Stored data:
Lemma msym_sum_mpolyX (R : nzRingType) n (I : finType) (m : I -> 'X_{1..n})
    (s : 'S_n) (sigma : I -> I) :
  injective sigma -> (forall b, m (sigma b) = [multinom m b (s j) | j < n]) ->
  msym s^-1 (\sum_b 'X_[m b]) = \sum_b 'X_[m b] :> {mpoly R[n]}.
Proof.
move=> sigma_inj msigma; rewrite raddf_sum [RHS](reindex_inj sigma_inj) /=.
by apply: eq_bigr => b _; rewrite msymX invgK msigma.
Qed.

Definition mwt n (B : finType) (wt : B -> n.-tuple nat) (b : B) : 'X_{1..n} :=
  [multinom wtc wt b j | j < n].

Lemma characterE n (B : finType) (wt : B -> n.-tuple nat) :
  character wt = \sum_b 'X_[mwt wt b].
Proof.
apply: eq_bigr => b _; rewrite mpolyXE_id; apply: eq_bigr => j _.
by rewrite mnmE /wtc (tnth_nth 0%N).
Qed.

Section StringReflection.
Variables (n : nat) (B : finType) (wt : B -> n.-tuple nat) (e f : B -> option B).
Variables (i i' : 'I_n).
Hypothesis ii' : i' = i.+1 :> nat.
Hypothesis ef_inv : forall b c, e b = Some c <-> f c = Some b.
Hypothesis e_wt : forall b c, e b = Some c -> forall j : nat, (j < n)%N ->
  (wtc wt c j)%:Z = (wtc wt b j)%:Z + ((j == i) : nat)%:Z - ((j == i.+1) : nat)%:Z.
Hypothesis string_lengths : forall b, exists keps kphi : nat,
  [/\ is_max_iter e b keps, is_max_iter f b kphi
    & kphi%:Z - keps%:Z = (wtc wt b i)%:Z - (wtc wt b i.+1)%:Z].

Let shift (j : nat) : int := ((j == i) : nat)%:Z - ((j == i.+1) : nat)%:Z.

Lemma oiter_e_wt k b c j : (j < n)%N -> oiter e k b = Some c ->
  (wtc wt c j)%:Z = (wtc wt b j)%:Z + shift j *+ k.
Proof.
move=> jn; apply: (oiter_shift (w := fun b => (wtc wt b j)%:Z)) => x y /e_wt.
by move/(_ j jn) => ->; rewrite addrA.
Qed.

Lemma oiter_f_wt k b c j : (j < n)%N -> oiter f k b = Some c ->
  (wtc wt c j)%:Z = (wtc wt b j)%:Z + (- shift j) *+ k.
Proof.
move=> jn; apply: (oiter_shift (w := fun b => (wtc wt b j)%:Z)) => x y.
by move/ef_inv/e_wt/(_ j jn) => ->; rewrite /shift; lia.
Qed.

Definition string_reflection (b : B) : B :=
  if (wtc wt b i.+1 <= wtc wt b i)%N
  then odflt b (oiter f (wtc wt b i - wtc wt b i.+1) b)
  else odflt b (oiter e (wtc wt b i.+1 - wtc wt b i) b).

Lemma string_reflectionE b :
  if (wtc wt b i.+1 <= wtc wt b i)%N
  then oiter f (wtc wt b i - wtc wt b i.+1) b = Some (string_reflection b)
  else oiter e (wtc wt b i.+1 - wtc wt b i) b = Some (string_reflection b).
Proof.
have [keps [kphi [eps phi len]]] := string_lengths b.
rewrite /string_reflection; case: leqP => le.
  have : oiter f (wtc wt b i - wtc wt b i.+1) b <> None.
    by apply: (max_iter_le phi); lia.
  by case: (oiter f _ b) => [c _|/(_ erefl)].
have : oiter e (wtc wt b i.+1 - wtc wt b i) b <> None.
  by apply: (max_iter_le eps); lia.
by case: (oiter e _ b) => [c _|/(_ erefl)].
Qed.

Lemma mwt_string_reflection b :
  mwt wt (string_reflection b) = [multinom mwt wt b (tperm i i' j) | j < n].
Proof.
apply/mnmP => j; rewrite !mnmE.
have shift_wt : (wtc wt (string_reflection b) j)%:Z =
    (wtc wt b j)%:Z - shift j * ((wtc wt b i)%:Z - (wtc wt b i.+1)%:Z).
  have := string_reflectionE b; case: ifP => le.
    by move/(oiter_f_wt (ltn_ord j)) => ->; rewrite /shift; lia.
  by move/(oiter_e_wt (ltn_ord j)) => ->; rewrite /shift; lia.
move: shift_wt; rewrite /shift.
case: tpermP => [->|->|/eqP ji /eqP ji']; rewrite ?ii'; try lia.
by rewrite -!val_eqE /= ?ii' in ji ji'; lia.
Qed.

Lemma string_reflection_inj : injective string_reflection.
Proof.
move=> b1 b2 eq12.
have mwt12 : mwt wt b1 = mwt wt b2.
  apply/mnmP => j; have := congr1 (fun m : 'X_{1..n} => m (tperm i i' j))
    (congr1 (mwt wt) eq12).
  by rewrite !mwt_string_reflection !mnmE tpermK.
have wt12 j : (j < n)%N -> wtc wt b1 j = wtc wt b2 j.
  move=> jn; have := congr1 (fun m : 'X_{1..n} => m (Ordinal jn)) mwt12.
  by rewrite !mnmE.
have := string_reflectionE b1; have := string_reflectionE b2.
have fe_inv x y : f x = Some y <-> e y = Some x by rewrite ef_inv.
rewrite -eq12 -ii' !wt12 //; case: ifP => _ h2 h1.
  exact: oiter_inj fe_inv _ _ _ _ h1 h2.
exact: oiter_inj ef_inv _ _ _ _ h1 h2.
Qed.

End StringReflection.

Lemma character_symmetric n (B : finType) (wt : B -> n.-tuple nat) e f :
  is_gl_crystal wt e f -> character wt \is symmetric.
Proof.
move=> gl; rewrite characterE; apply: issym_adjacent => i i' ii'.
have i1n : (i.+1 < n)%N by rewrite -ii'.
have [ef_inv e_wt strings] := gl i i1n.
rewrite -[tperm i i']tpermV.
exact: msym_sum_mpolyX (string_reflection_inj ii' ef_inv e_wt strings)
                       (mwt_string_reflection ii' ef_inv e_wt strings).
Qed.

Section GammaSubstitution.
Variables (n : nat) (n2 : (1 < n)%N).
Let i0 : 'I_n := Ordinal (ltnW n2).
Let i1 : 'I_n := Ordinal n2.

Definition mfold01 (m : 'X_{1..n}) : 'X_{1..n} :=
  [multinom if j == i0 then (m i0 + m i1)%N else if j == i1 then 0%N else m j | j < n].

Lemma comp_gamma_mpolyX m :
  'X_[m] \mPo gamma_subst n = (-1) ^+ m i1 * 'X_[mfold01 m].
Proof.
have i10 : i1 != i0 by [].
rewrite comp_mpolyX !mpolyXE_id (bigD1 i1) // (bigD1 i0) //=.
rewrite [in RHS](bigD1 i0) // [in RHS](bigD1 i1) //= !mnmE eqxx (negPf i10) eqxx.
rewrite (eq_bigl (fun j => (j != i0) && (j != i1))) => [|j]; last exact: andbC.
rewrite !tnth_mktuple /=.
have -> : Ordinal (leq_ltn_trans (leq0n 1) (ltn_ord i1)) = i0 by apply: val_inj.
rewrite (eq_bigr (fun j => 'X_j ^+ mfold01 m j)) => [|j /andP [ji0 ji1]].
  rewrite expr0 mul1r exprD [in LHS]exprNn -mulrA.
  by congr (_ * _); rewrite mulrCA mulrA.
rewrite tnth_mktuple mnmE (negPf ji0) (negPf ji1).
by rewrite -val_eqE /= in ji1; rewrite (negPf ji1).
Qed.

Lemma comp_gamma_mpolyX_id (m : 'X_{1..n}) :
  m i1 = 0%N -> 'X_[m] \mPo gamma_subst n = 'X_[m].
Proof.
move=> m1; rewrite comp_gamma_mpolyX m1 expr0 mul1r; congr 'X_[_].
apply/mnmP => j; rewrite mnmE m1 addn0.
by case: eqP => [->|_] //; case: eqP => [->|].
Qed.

• Work to complete: Word for word, set down the lines from the beginning of the records through the line that holds "Hypothesis ii' : i' = i.+1 :> nat.". Leave out the rest.

• Answer for this exercise:
Lemma msym_sum_mpolyX (R : nzRingType) n (I : finType) (m : I -> 'X_{1..n})
    (s : 'S_n) (sigma : I -> I) :
  injective sigma -> (forall b, m (sigma b) = [multinom m b (s j) | j < n]) ->
  msym s^-1 (\sum_b 'X_[m b]) = \sum_b 'X_[m b] :> {mpoly R[n]}.
Proof.
move=> sigma_inj msigma; rewrite raddf_sum [RHS](reindex_inj sigma_inj) /=.
by apply: eq_bigr => b _; rewrite msymX invgK msigma.
Qed.

Definition mwt n (B : finType) (wt : B -> n.-tuple nat) (b : B) : 'X_{1..n} :=
  [multinom wtc wt b j | j < n].

Lemma characterE n (B : finType) (wt : B -> n.-tuple nat) :
  character wt = \sum_b 'X_[mwt wt b].
Proof.
apply: eq_bigr => b _; rewrite mpolyXE_id; apply: eq_bigr => j _.
by rewrite mnmE /wtc (tnth_nth 0%N).
Qed.

Section StringReflection.
Variables (n : nat) (B : finType) (wt : B -> n.-tuple nat) (e f : B -> option B).
Variables (i i' : 'I_n).
Hypothesis ii' : i' = i.+1 :> nat.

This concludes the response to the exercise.